- [Assigned task]
Each line of the data below that holds the word "sgnv" is to be reported in full.

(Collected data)
※ ※ ※

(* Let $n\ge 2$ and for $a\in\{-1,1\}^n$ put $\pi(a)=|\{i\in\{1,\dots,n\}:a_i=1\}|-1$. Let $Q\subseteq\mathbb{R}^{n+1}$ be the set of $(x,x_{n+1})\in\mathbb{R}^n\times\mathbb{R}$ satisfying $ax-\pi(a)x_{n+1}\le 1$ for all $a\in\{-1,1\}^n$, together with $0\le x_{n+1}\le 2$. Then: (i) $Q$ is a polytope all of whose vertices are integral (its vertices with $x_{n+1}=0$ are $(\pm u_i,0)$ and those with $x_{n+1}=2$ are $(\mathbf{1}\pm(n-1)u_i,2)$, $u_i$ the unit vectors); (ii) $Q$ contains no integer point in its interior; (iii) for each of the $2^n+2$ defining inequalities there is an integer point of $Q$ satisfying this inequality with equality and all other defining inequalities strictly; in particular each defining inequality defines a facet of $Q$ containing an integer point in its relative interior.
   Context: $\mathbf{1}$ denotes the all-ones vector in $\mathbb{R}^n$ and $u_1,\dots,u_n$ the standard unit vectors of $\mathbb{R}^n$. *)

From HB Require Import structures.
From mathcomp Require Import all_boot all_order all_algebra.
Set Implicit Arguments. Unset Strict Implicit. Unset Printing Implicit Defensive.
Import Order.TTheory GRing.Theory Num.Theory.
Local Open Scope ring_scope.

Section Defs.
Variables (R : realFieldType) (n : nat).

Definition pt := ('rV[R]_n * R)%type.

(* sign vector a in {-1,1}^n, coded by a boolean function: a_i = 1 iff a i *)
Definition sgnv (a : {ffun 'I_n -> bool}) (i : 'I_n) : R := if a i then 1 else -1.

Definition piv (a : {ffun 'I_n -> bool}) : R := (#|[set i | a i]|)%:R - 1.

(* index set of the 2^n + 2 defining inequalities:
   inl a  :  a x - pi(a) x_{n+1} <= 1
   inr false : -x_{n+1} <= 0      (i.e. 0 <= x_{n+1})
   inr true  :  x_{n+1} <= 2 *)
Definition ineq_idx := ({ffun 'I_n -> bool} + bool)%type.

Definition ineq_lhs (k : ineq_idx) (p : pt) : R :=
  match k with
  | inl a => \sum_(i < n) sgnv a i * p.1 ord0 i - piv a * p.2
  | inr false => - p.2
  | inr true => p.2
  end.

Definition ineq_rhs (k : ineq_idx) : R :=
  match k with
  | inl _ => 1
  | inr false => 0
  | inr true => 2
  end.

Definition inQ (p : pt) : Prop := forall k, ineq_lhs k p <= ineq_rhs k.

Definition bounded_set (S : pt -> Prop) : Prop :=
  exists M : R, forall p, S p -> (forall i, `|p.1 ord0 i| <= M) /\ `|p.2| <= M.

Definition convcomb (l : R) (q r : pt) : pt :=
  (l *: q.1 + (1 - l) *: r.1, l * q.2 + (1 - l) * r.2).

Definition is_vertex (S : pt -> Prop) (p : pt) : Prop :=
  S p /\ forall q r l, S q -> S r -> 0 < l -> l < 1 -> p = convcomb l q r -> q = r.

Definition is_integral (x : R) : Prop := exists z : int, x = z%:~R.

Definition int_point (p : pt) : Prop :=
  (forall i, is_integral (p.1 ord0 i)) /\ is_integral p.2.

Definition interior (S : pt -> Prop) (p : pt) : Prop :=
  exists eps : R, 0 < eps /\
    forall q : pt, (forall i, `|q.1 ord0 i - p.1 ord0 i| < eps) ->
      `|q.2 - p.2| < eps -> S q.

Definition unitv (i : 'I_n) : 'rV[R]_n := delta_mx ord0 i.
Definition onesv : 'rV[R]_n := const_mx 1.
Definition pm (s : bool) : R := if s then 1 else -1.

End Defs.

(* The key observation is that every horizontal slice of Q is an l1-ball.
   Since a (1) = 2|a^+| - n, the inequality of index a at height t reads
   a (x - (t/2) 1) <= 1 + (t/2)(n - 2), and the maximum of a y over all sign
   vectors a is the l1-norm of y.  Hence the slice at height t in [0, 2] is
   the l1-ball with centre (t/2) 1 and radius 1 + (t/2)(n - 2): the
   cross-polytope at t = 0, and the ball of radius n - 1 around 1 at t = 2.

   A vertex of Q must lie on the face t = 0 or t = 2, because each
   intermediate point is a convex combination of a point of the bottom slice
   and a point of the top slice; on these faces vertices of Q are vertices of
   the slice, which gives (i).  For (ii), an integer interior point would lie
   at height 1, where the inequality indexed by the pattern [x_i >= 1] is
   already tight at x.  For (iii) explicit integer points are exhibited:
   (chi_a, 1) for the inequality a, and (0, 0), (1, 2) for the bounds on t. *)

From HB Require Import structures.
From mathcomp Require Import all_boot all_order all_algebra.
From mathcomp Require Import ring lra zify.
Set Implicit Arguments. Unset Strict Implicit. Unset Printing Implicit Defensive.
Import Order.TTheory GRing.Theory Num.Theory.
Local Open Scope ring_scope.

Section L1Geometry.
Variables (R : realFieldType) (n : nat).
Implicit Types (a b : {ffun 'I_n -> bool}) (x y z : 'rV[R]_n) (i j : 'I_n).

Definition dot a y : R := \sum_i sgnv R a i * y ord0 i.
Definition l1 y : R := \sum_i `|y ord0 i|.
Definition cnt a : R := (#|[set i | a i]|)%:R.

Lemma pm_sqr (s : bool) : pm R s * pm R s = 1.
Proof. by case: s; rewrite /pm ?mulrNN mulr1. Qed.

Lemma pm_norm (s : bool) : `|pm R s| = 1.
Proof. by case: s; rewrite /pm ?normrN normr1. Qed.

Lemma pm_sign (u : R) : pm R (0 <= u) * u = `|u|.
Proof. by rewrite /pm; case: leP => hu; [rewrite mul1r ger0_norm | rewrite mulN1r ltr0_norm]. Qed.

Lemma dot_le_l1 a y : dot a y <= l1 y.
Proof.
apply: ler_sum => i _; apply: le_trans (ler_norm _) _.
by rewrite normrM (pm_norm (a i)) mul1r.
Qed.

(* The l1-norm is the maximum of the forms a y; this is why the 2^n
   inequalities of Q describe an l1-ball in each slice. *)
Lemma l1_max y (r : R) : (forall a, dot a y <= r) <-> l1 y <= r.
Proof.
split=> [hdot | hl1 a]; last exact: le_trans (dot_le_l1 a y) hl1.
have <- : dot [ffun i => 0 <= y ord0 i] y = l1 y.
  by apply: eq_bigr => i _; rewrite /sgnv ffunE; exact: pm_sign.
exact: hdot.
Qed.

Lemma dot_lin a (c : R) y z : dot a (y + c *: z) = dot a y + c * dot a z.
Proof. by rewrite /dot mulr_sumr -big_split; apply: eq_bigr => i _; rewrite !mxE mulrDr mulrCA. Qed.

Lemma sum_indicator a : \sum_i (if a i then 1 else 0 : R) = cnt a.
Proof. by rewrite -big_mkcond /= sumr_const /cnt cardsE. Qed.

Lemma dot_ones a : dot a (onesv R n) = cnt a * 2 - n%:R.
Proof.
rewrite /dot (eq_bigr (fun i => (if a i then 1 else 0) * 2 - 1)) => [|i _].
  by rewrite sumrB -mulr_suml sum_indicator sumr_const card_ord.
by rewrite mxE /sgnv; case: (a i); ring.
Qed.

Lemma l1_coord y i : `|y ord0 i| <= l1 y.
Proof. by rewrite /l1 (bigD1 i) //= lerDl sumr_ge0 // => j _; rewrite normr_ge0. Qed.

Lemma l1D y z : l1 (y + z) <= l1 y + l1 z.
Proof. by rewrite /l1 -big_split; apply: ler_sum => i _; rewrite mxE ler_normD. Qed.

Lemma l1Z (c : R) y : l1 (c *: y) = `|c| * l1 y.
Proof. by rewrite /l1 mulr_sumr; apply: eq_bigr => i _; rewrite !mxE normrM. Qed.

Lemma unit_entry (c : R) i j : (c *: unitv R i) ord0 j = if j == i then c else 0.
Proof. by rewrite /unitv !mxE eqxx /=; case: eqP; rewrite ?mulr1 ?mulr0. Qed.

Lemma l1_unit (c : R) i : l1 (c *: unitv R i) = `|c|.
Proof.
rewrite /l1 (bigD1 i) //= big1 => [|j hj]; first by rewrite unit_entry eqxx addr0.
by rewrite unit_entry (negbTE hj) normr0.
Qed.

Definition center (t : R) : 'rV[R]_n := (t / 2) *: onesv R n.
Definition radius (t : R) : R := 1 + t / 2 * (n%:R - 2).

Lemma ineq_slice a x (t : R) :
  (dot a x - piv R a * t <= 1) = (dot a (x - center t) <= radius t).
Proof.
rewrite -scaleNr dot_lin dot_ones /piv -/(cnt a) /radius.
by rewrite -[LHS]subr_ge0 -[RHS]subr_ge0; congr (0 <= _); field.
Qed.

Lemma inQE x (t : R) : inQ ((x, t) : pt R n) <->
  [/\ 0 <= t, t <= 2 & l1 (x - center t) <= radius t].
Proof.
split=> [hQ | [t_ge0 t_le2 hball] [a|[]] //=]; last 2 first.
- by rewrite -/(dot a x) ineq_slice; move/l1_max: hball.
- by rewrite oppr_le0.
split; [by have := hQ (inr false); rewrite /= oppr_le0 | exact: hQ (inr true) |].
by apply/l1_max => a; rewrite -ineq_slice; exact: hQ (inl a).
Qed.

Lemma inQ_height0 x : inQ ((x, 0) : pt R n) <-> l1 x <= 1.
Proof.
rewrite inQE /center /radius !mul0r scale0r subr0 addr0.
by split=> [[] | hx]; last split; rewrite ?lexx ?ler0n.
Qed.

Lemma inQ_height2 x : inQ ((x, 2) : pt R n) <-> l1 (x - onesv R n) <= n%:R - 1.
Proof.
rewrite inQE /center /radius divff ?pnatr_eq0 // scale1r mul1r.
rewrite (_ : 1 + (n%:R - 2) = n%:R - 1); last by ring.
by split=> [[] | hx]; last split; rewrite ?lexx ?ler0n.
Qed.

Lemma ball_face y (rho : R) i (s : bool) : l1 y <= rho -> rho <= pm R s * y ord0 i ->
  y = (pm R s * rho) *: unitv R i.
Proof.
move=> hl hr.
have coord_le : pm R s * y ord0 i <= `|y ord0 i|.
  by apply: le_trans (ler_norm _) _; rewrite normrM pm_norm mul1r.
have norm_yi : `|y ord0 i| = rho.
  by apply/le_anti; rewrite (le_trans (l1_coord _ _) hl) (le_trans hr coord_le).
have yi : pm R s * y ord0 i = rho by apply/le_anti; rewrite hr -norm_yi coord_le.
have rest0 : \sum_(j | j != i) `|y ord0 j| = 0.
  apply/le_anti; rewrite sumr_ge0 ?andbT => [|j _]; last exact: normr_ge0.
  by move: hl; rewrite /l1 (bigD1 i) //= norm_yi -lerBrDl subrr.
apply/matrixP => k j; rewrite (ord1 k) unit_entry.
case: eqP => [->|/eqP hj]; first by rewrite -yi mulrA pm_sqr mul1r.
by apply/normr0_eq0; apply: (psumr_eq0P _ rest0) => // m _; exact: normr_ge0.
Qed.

※ ※ ※

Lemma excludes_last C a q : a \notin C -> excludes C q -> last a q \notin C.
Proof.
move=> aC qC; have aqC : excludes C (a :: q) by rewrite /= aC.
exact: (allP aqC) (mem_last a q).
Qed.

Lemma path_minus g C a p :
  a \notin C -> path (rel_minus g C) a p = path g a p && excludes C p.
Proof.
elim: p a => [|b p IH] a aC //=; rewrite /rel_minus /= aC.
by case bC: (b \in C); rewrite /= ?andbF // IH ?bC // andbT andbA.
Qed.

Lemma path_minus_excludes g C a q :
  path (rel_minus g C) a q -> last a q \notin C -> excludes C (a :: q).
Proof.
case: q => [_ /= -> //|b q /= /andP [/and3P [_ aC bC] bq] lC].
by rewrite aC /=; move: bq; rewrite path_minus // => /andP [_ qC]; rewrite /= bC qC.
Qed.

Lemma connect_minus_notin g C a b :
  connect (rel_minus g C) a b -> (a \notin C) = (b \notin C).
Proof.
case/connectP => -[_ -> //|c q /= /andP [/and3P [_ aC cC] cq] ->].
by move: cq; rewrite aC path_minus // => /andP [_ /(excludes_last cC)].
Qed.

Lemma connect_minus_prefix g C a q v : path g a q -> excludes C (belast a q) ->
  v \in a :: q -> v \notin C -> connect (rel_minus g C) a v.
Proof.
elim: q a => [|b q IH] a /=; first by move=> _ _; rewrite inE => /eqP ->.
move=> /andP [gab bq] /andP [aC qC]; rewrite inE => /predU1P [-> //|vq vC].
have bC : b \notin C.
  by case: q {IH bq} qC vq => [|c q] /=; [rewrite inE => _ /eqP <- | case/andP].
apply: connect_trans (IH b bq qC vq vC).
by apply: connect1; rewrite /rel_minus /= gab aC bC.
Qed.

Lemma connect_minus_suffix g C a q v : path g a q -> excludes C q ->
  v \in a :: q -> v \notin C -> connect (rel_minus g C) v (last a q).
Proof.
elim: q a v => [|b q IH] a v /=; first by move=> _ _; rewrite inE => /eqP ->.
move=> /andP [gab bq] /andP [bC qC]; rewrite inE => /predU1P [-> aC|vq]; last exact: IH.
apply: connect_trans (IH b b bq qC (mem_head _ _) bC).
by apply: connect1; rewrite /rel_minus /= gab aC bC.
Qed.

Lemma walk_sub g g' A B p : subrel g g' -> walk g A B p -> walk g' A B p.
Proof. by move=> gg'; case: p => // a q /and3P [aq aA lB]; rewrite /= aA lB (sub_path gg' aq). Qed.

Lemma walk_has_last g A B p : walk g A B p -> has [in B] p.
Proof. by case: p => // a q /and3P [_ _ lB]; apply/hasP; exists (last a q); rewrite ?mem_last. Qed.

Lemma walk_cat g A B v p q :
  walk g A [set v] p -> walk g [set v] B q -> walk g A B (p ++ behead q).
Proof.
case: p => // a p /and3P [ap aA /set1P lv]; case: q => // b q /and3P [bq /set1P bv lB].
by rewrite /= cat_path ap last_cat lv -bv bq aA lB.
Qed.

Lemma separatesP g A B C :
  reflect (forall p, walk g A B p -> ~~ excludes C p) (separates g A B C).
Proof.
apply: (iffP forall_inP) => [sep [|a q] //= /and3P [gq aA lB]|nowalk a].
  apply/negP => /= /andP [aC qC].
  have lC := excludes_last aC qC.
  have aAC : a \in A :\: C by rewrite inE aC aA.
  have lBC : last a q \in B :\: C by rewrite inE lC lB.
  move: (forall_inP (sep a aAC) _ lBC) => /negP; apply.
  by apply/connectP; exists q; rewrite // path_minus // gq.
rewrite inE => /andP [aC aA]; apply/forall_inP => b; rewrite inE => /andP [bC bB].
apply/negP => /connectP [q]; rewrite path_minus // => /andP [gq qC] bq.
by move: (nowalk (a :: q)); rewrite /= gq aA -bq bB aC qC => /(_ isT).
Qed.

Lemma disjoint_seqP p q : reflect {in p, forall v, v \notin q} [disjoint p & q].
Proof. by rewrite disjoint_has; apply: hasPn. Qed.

※ ※ ※

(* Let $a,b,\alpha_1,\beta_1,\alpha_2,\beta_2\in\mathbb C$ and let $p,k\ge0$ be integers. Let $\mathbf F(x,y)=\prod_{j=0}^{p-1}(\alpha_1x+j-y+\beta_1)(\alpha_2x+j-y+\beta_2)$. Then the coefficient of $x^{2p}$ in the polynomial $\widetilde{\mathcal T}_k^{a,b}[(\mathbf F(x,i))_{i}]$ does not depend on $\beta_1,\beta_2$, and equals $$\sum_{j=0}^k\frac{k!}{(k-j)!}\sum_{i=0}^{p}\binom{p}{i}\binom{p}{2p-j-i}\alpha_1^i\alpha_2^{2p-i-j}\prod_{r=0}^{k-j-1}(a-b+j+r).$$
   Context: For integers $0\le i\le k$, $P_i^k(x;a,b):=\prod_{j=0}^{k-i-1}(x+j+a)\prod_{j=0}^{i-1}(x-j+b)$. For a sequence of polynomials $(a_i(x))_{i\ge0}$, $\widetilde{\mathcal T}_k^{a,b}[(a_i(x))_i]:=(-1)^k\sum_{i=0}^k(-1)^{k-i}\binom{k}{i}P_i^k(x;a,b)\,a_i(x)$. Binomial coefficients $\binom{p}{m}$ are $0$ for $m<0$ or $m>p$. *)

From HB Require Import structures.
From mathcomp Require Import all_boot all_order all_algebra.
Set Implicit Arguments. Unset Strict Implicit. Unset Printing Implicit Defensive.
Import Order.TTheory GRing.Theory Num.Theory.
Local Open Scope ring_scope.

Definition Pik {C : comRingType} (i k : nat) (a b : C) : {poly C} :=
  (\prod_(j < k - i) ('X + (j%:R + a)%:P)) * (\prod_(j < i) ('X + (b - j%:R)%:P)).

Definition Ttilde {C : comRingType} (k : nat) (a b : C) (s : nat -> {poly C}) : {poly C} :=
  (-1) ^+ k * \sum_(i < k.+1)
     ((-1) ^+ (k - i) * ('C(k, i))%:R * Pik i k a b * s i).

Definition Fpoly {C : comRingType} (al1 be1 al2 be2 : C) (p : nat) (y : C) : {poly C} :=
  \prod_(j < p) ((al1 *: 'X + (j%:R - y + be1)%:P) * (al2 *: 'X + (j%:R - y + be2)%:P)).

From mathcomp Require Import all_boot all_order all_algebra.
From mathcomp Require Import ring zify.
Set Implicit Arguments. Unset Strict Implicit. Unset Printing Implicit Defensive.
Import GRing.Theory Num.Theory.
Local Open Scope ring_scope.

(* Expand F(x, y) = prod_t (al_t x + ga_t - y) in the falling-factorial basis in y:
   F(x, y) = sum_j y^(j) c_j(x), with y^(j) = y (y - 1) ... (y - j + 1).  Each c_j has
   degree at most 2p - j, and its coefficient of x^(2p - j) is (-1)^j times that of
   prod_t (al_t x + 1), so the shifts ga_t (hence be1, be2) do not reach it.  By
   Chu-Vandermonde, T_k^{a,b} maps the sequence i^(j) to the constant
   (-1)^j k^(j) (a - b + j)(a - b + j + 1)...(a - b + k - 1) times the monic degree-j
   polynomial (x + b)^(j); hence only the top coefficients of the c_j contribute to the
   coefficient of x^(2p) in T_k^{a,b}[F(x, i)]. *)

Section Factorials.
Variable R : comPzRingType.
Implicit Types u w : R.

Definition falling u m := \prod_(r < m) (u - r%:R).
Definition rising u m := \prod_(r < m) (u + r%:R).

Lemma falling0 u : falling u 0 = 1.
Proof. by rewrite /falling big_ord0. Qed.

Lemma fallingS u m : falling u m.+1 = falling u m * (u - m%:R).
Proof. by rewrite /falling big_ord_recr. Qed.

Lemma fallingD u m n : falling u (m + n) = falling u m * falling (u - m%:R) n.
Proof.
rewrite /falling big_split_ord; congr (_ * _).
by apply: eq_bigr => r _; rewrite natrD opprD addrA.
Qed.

※ ※ ※

- [Reply to the exercise]
Definition sgnv (a : {ffun 'I_n -> bool}) (i : 'I_n) : R := if a i then 1 else -1.
  | inl a => \sum_(i < n) sgnv a i * p.1 ord0 i - piv a * p.2
Definition dot a y : R := \sum_i sgnv R a i * y ord0 i.
  by apply: eq_bigr => i _; rewrite /sgnv ffunE; exact: pm_sign.
by rewrite mxE /sgnv; case: (a i); ring.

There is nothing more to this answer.